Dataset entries
++++++++++
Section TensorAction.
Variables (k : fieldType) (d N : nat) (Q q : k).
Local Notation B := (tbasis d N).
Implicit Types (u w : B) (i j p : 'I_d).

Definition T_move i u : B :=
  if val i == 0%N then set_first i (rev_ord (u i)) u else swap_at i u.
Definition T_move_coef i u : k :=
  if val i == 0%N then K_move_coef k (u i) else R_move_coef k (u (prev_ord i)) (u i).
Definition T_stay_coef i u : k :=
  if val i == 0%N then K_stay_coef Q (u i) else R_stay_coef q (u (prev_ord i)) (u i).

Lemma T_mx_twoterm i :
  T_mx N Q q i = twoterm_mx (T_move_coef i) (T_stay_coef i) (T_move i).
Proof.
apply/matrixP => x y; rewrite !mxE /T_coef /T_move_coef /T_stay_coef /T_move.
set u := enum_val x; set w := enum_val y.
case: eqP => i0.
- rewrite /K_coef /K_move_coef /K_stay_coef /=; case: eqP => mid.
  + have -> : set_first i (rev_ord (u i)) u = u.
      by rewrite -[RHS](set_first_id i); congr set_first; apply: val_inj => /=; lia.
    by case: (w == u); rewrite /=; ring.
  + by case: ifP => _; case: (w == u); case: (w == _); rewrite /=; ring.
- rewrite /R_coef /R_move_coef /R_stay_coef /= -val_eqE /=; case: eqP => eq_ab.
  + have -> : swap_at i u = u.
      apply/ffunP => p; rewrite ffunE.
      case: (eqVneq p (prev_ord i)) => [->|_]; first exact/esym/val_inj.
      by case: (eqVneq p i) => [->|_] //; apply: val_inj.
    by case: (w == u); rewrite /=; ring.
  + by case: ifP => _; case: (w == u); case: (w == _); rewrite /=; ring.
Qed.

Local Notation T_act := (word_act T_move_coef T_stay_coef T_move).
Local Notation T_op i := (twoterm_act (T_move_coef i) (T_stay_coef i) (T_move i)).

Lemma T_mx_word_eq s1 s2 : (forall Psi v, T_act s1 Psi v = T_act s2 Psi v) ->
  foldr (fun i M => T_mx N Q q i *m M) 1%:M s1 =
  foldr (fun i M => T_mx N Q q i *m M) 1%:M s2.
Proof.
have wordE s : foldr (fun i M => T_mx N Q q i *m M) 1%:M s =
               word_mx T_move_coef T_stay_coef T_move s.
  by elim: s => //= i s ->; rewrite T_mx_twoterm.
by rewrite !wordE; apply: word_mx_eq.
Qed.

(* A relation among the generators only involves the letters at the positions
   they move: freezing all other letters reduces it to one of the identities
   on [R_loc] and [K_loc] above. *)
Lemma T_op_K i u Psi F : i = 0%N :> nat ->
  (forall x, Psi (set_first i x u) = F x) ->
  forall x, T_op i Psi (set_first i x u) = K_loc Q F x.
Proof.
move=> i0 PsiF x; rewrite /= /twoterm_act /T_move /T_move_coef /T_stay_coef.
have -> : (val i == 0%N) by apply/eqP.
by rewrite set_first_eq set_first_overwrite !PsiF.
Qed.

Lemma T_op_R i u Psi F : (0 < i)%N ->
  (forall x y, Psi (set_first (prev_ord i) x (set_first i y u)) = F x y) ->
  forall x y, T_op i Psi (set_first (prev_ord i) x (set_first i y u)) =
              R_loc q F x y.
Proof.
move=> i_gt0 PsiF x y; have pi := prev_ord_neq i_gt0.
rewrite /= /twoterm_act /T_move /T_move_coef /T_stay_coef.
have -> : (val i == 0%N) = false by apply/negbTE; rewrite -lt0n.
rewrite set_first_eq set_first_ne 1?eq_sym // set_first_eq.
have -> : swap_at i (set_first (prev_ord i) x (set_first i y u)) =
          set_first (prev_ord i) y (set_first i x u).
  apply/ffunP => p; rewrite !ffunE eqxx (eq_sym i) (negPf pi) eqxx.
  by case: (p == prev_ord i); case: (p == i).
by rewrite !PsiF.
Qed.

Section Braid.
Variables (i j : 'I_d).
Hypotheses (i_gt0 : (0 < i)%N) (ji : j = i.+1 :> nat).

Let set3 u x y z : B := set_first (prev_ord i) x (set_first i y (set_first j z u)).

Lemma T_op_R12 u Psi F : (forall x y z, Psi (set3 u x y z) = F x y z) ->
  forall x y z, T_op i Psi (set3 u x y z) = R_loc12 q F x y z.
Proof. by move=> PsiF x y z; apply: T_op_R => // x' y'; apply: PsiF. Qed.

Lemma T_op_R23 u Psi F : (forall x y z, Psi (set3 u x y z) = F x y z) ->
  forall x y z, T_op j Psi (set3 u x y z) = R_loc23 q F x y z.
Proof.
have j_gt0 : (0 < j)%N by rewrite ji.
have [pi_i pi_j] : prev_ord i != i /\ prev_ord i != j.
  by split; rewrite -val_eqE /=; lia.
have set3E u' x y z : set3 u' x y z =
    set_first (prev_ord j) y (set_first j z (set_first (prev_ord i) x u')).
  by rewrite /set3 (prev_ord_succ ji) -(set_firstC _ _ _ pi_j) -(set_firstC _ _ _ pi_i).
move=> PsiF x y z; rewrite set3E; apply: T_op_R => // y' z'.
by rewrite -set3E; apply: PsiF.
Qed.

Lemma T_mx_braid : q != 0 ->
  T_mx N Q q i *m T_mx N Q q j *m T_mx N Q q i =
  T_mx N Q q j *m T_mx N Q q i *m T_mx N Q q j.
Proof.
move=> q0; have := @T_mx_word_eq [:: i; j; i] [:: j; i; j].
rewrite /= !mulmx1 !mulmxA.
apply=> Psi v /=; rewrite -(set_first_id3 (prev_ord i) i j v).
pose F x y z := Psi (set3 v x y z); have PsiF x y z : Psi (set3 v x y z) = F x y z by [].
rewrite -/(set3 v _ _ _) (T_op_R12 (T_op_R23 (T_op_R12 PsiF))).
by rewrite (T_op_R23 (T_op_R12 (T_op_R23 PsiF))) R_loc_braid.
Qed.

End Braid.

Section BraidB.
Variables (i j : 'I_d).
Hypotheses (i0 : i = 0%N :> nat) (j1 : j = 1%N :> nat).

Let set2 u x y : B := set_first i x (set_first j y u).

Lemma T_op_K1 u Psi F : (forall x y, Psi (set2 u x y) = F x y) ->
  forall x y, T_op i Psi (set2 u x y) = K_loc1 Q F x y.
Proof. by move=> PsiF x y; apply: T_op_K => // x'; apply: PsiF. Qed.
++++++++++
WHAT YOU HAVE TO DO:
The reply should consist solely of the lines above from the one that has "(rev_ord (u i)) u = u." through the one that has "Local Notation T_op", reproduced exactly.

REPLY TO THE EXERCISE:
  + have -> : set_first i (rev_ord (u i)) u = u.
      by rewrite -[RHS](set_first_id i); congr set_first; apply: val_inj => /=; lia.
    by case: (w == u); rewrite /=; ring.
  + by case: ifP => _; case: (w == u); case: (w == _); rewrite /=; ring.
- rewrite /R_coef /R_move_coef /R_stay_coef /= -val_eqE /=; case: eqP => eq_ab.
  + have -> : swap_at i u = u.
      apply/ffunP => p; rewrite ffunE.
      case: (eqVneq p (prev_ord i)) => [->|_]; first exact/esym/val_inj.
      by case: (eqVneq p i) => [->|_] //; apply: val_inj.
    by case: (w == u); rewrite /=; ring.
  + by case: ifP => _; case: (w == u); case: (w == _); rewrite /=; ring.
Qed.

Local Notation T_act := (word_act T_move_coef T_stay_coef T_move).
Local Notation T_op i := (twoterm_act (T_move_coef i) (T_stay_coef i) (T_move i)).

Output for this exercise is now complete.